Some reviewers are expecting the film to be a blockbuster, others believe that it may not be a box office hit but will surely garner a few Oscars.

The cast members of the third outing in the series include Ian McKellen, Martin Freeman, Richard Armitage, Evangeline Lilly, Lee Pace, Luke Evans, Benedict Cumberbatch and James Nesbitt.

The film, which is scheduled to release on 17 December, is co-written by Jackson, Guillermo del Toro, Fran Walsh and Philippa Boyens. It will be distributed by Warner Bros.
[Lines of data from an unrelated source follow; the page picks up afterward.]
Lemma upper_rootN1_pow e : z ^+ e = -1 ->
    (forall j, (0 < j < e)%N -> 0 < imR (z ^+ j)) ->
  forall y, y ^+ m = -1 -> 0 <= imR y -> exists2 i, (i <= e)%N & y = z ^+ i.
Proof.
move=> ze Im_gt0 y ym Imy_ge0.
have Im_ge0 i : (i <= e)%N -> 0 <= imR (z ^+ i).
  move=> ie; case: (posnP i) => [->|i_gt0]; first by rewrite expr0 imR1.
  case: (ltngtP i e) => [i_lt|e_lt|->].
  - by apply/ltW/Im_gt0; rewrite i_gt0 i_lt.
  - lia.
  - by rewrite ze imRN imR1 oppr0.
have y1 := reR_imR_norm1 (norm_rootN1 ym).
pose P i := (i <= e)%N && (reR y <= reR (z ^+ i)).
have exP : exists i, P i by exists 0%N; rewrite /P expr0 reR1 /=; nra.
have ubP i : P i -> (i <= e)%N by case/andP.
case: (ex_maxnP exP ubP) => i /andP[ie Rey_le] i_max.
case: (ltnP i e) => [i_lt|e_le].
  have Rey_gt : reR (z ^+ i.+1) < reR y.
    rewrite ltNge; apply/negP => Rey_le'.
    by have := i_max i.+1; rewrite /P i_lt Rey_le' => /(_ isT); rewrite ltnn.
  have [Rey_eq|Rey_neq] := eqVneq (reR y) (reR (z ^+ i)).
    exists i => //; apply: eqC_semipolar.
    - by rewrite norm_rootN1X (norm_rootN1 ym).
    - by move/(congr1 val): Rey_eq.
    - by apply: mulr_ge0; [exact: Imy_ge0 | exact: Im_ge0 (ltnW i_lt)].
  have Rey_lt : reR y < reR (z ^+ i) by rewrite lt_neqAle Rey_neq Rey_le.
  have zi := reR_imR_norm1 (norm_rootN1X i).
  have zi1 := reR_imR_norm1 (norm_rootN1X i.+1).
  have Imy_gt0 : 0 < imR y.
    rewrite lt_neqAle Imy_ge0 andbT; apply/negP => /eqP Imy0.
    suff : (1 : algR) < 1 by rewrite ltxx.
    have Rezi1_geN1 : -1 <= reR (z ^+ i.+1) by nra.
    have Rezi_le1 : reR (z ^+ i) <= 1 by nra.
    by rewrite -Imy0 in y1; nra.
  have Imzi := Im_ge0 i (ltnW i_lt); have Imzi1 := Im_ge0 i.+1 i_lt.
  exfalso; apply: (@rootN1_nosplit (y * (z ^+ i)^*) (z ^+ i.+1 * y^*)).
  - rewrite exprMn -rmorphXn rootN1X_2m rmorph1 mulr1.
    by rewrite -muln2 exprM ym sqrrN expr1n.
  - apply: Im_mul_conj_gt0 (norm_rootN1X i) (norm_rootN1 ym) _ _ _ Rey_lt => //.
    lra.
  - apply: Im_mul_conj_gt0 (norm_rootN1 ym) (norm_rootN1X i.+1) _ _ _ Rey_gt => //.
    lra.
  - have -> : y * (z ^+ i)^* * (z ^+ i.+1 * y^*) = (y^* * y) * ((z ^+ i)^* * z ^+ i) * z.
      by rewrite exprSr; ring.
    by rewrite -!normCKC norm_rootN1X (norm_rootN1 ym) expr1n !mul1r.
have i_e : i = e by apply/eqP; rewrite eqn_leq ie e_le.
move: Rey_le; rewrite i_e ze reRN reR1 => Rey_le.
have Imy0 : imR y = 0 by nra.
have Rey : reR y = -1 by nra.
by exists e; rewrite // ze (imR_eq0_reR Imy0) Rey.
Qed.

Lemma rootN1X_neqN1 e : (0 < e < m)%N ->
  (forall j, (0 < j < e)%N -> 0 < imR (z ^+ j)) -> z ^+ e != -1.
Proof.
move=> /andP[e_gt0 e_lt] Im_gt0; apply/eqP => ze.
have upper (y : algC) : y ^+ m = -1 -> 0 <= imR y -> y ^+ e.*2 = 1.
  move=> ym Imy; have [i _ ->] := upper_rootN1_pow ze Im_gt0 ym Imy.
  by rewrite exprAC -muln2 exprM ze sqrrN !expr1n.
have root_2e (y : algC) : y ^+ m = -1 -> y ^+ e.*2 = 1.
  move=> ym; have [Imy|Imy] := lerP 0 (imR y); first exact: upper.
  have := upper y^*; rewrite -!rmorphXn ym rmorphN1 imRJ oppr_ge0 => /(_ erefl).
  by move=> /(_ (ltW Imy)) /(congr1 Num.conj); rewrite conjCK rmorph1.
have [p p_prim pm] := prim_rootN1_exists.
have : (m.*2 %| e.*2)%N by rewrite (prim_order_dvd p_prim) root_2e.
have e2_gt0 : (0 < e.*2)%N by rewrite double_gt0.
by move/(dvdn_leq e2_gt0); lia.
Qed.

Lemma Im_rootN1X_gt0 j : (0 < j < m)%N -> 0 < imR (z ^+ j).
Proof.
move=> j_bound; rewrite ltNge; apply/negP => Imzj_le0.
pose P e := (0 < e < m)%N && (imR (z ^+ e) <= 0).
have exP : exists e, P e by exists j; rewrite /P j_bound Imzj_le0.
case: (ex_minnP exP) => e /andP[e_bound Imze_le0] e_min.
have Im_gt0 i : (0 < i < e)%N -> 0 < imR (z ^+ i).
  move=> i_bound; rewrite ltNge; apply/negP => Imzi_le0.
  have : (e <= i)%N by apply: e_min; rewrite /P Imzi_le0 andbT; lia.
  lia.
have e_neq1 : e != 1%N.
  by apply: contraTneq Imze_le0 => ->; rewrite expr1 -ltNge Im_rootN1_gt0.
set x := z ^+ e.-1.
have ze : z ^+ e = x * z by rewrite -exprSr prednK //; lia.
have x1 : `|x| = 1 := norm_rootN1X e.-1.
have Imx_gt0 : 0 < imR x by apply: Im_gt0; lia.
have x2m : x ^+ m.*2 = 1 := rootN1X_2m e.-1.
clearbody x.
have [Imze_lt0|Imze_ge0] := ltrP (imR (z ^+ e)) 0.
  apply: (@rootN1_nosplit (- x^*) (- (x * z))).
  - by rewrite -mul2n exprM sqrrN -exprM mul2n -rmorphXn x2m rmorph1.
  - by rewrite imRN imRJ opprK.
  - by rewrite imRN -ze oppr_gt0.
  - by rewrite mulrNN mulrA -normCKC x1 expr1n mul1r.
have Imze0 : imR (z ^+ e) = 0 by apply/eqP; rewrite eq_le Imze_le0 Imze_ge0.
have : reR (z ^+ e) < reR x.
  rewrite ze; apply: (Re_mul_rot_lt x1 (norm_rootN1 rootN1K)) (ltW Imx_gt0) _ _ _.
  - exact: Re_rootN1_gt0.
  - exact: Im_rootN1_gt0.
  - by rewrite -ze Imze0.
have := reR_imR_norm1 x1; have := reR_imR_norm1 (norm_rootN1X e).
rewrite Imze0 expr0n addr0 => ze1 xn Reze_lt.
have Rex_le1 : reR x <= 1 by nra.
have Reze_lt1 : reR (z ^+ e) < 1 by lra.
have Reze : reR (z ^+ e) = -1 by apply/eqP; rewrite eq_le; apply/andP; split; nra.
have /negP := rootN1X_neqN1 e_bound Im_gt0; apply.
by rewrite (imR_eq0_reR Imze0) Reze /=.
Qed.

Lemma Re_rootN1X_lt j l : (j < l <= m)%N -> reR (z ^+ l) < reR (z ^+ j).
Proof.
apply: Re_rootN1X_decr => i im.
case: (posnP i) => [->|i_gt0]; first by rewrite expr0 imR1.
case: (ltngtP i m) => [i_lt|m_lt|->].
- by apply/ltW/Im_rootN1X_gt0; rewrite i_gt0 i_lt.
- lia.
- by rewrite rootN1K imRN imR1 oppr0.
Qed.
End RootN1.

Section DistinctRoots.
Variables (F : fieldType) (n : nat) (f : 'I_n -> F).
Hypothesis f_inj : injective f.

Let prod_map_XsubC :
  \prod_(j < n) ('X - (f j)%:P) = \prod_(x <- map f (index_enum 'I_n)) ('X - x%:P).
Proof. by rewrite big_map. Qed.

Let uniq_map_f : uniq (map f (index_enum 'I_n)).
Proof. by rewrite map_inj_uniq ?index_enum_uniq. Qed.

Lemma char_poly_inj_eigen (A : 'M[F]_n) : (forall j, eigenvalue A (f j)) ->
  char_poly A = \prod_(j < n) ('X - (f j)%:P).
Proof.
move=> eigA; rewrite prod_map_XsubC.
have roots : all (root (char_poly A)) (map f (index_enum 'I_n)).
  by apply/allP => _ /mapP[j _ ->]; rewrite -eigenvalue_root_char.
have := uniq_roots_dvdp roots; rewrite uniq_rootsE => /(_ uniq_map_f) dvd.
apply/eqP; rewrite -eqp_monic ?char_poly_monic ?monic_prod_XsubC //.
rewrite eqp_sym -dvdp_size_eqp // size_char_poly size_prod_XsubC size_map.
by rewrite /index_enum unlock -enumT size_enum_ord.
Qed.

Lemma mup_prod_inj_XsubC j : mup (f j) (\prod_(i < n) ('X - (f i)%:P)) = 1%N.
Proof.
rewrite prod_map_XsubC mu_prod_XsubC count_uniq_mem //.
by rewrite map_f // mem_index_enum.
Qed.

End DistinctRoots.

Definition antireg_vec n (s : algC) : 'rV[algC]_n :=
  \row_k (s ^+ k + s ^+ ((2 * n).-1 - k)).

Definition antireg_scale n (s : algC) : algC := s ^+ n * (1 - s).

Lemma antireg_col_sum n (x : nat -> algC) (i : 'I_n) :
  \sum_(k < n) x k * antireg_adj n k i = \sum_(n - 1 - i <= k < n) x k.
Proof.
have i_lt := ltn_ord i.
under eq_bigr do rewrite mxE.
rewrite -(big_mkord xpredT (fun k => x k * (if (n <= k + i + 1)%N then 1 else 0))).
rewrite (@big_cat_nat _ _ _ (n - 1 - i)) /=; [|lia|lia].
rewrite big_nat_cond big1 ?add0r; last first.
  by move=> k /andP[/andP[_ k_lt] _]; rewrite ifF ?mulr0 //; apply/negbTE; lia.
by apply: eq_big_nat => k k_bound; rewrite ifT ?mulr1 //; lia.
Qed.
Read the Review Round-up of "The Hobbit: The Battle of the Five Armies" below:

Variety

Intermittently, "The Battle of the Five Armies" takes time out to catch us up on the whereabouts of old Gandalf. This is the least episodic and digressive of the "Hobbit" films, and the one that shows the least evidence of the elaborate patchwork Jackson and his co-screenwriters have done in order to transform the slender "Hobbit" narrative into something that might rival "Lord of the Rings" for sheer breadth and depth. While that effort has ultimately proved only partly successful, it's easier now to see the entire "Hobbit" project as a labor of love on Jackson's part, rather than a descent into crass box-office opportunism.

The Guardian

"The Hobbit: The Battle of the Five Armies" promises to be the New Zealand director's final excursion into Tolkien territory, and for that some praise is due, for staying the course if nothing else. While "The Battle of the Five Armies" is unlikely to repeat the Oscar sweep that greeted the conclusion of Jackson's first Tolkien trilogy, in truth it is just as enjoyable as each of the five films that came before it. Jackson may or may not be resigned to the fact that, unless something very dramatic emerges, they will be his principal cinematic legacy – his pre-Rings eccentricity having been thoroughly eclipsed – but at least he can take a bit of time off. He's earned it.

The Hollywood Reporter

"The Hobbit: The Battle of the Five Armies" lives up to its mayhem potential by making maximum use of modern technology to create an abundant smorgasbord of wildly varied and sometimes mordantly amusing combat; this is an out-and-out war film, with gobs of trimmings. The film's multitude of teenage boy satisfactions, not to mention its position as Jackson's presumed swan song to this defining stage of his career, leaves no doubt that the Warner Bros. release will rake in the $1 billion worldwide that each of its predecessors' did.

The Telegraph

It's a series of stomping footnotes in search of a climax. In terms of story so far, it ends virtually when it starts – with super-peeved dragon Smaug (Benedict Cumberbatch) raining down fiery destruction on the pitiful residents of Laketown, and facing the last-ditch heroism of an archer called Bard (Luke Evans). Everything else is scraps, in both senses.